++++ Dataset excerpts ++++

Lemma vaddNl x : -v x +v x = 0v.
Proof. by rewrite vaddC vaddN. Qed.

Lemma vaddI x y z : x +v y = x +v z -> y = z.
Proof.
move=> H; have : -v x +v (x +v y) = -v x +v (x +v z) by rewrite H.
by rewrite !vaddA vaddNl !vadd0l.
Qed.

Lemma vscal0 x : 0 *v x = 0v.
Proof. by apply: (vaddI (0 *v x)); rewrite vadd0 -vscalDl Rplus_0_r. Qed.

Lemma vscalN1 x : (-1) *v x = -v x.
Proof.
apply: (vaddI x); rewrite vaddN -{1}(vscal1 V x) -vscalDl.
by rewrite Rplus_opp_r vscal0.
Qed.

Lemma vsubE x y : x -v y = x +v (-1) *v y.
Proof. by rewrite vscalN1. Qed.

Lemma vscalv0 a : a *v 0v = 0v.
Proof. by rewrite -(vscal0 0v) vscalA Rmult_0_r. Qed.

Lemma vsubv x : x -v x = 0v.
Proof. exact: vaddN. Qed.

Lemma vsubv0 x : x -v 0v = x.
Proof. by rewrite vsubE vscalv0 vadd0. Qed.

Lemma vsubK x y : x -v y +v y = x.
Proof. by rewrite /vsub -vaddA vaddNl vadd0. Qed.

Lemma vsub_eq0 x y : x -v y = 0v -> x = y.
Proof. by move=> H; rewrite -(vsubK x y) H vadd0l. Qed.

Lemma vsub_trans x y z : x -v y +v (y -v z) = x -v z.
Proof. by rewrite /vsub vaddA vsubK. Qed.

Lemma vscal_vsub a x y : a *v (x -v y) = a *v x -v a *v y.
Proof. by rewrite !vsubE vscalDr !vscalA Rmult_comm. Qed.

Lemma vsubN x y : -v (x -v y) = y -v x.
Proof. by apply: (vaddI (x -v y)); rewrite vaddN vsub_trans vsubv. Qed.

Lemma vadd_scal_eq x u u' t t' :
  u +v t *v x = u' +v t' *v x -> u -v u' = (t' - t) *v x.
Proof.
move=> H; apply: (vaddI (u' +v t *v x)).
rewrite vaddC vaddA vsubK H -vaddA -vscalDl.
by congr (_ +v vscal V _ x); ring.
Qed.

Lemma sn0 i : sn V i 0v = 0.
Proof. by rewrite -(vscal0 0v) sn_scal Rabs_R0 Rmult_0_l. Qed.

Lemma snN i x : sn V i (-v x) = sn V i x.
Proof. by rewrite -vscalN1 sn_scal Rabs_Ropp Rabs_R1 Rmult_1_l. Qed.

++++

**What to work on**:
Nothing but the lines from the one holding "move=> H; apply: (vaddI (u' +v t *v x))." to the end of the entries should be returned, each exactly as it stands.

**Output**:
move=> H; apply: (vaddI (u' +v t *v x)).
rewrite vaddC vaddA vsubK H -vaddA -vscalDl.
by congr (_ +v vscal V _ x); ring.
Qed.

Lemma sn0 i : sn V i 0v = 0.
Proof. by rewrite -(vscal0 0v) sn_scal Rabs_R0 Rmult_0_l. Qed.

Lemma snN i x : sn V i (-v x) = sn V i x.
Proof. by rewrite -vscalN1 sn_scal Rabs_Ropp Rabs_R1 Rmult_1_l. Qed.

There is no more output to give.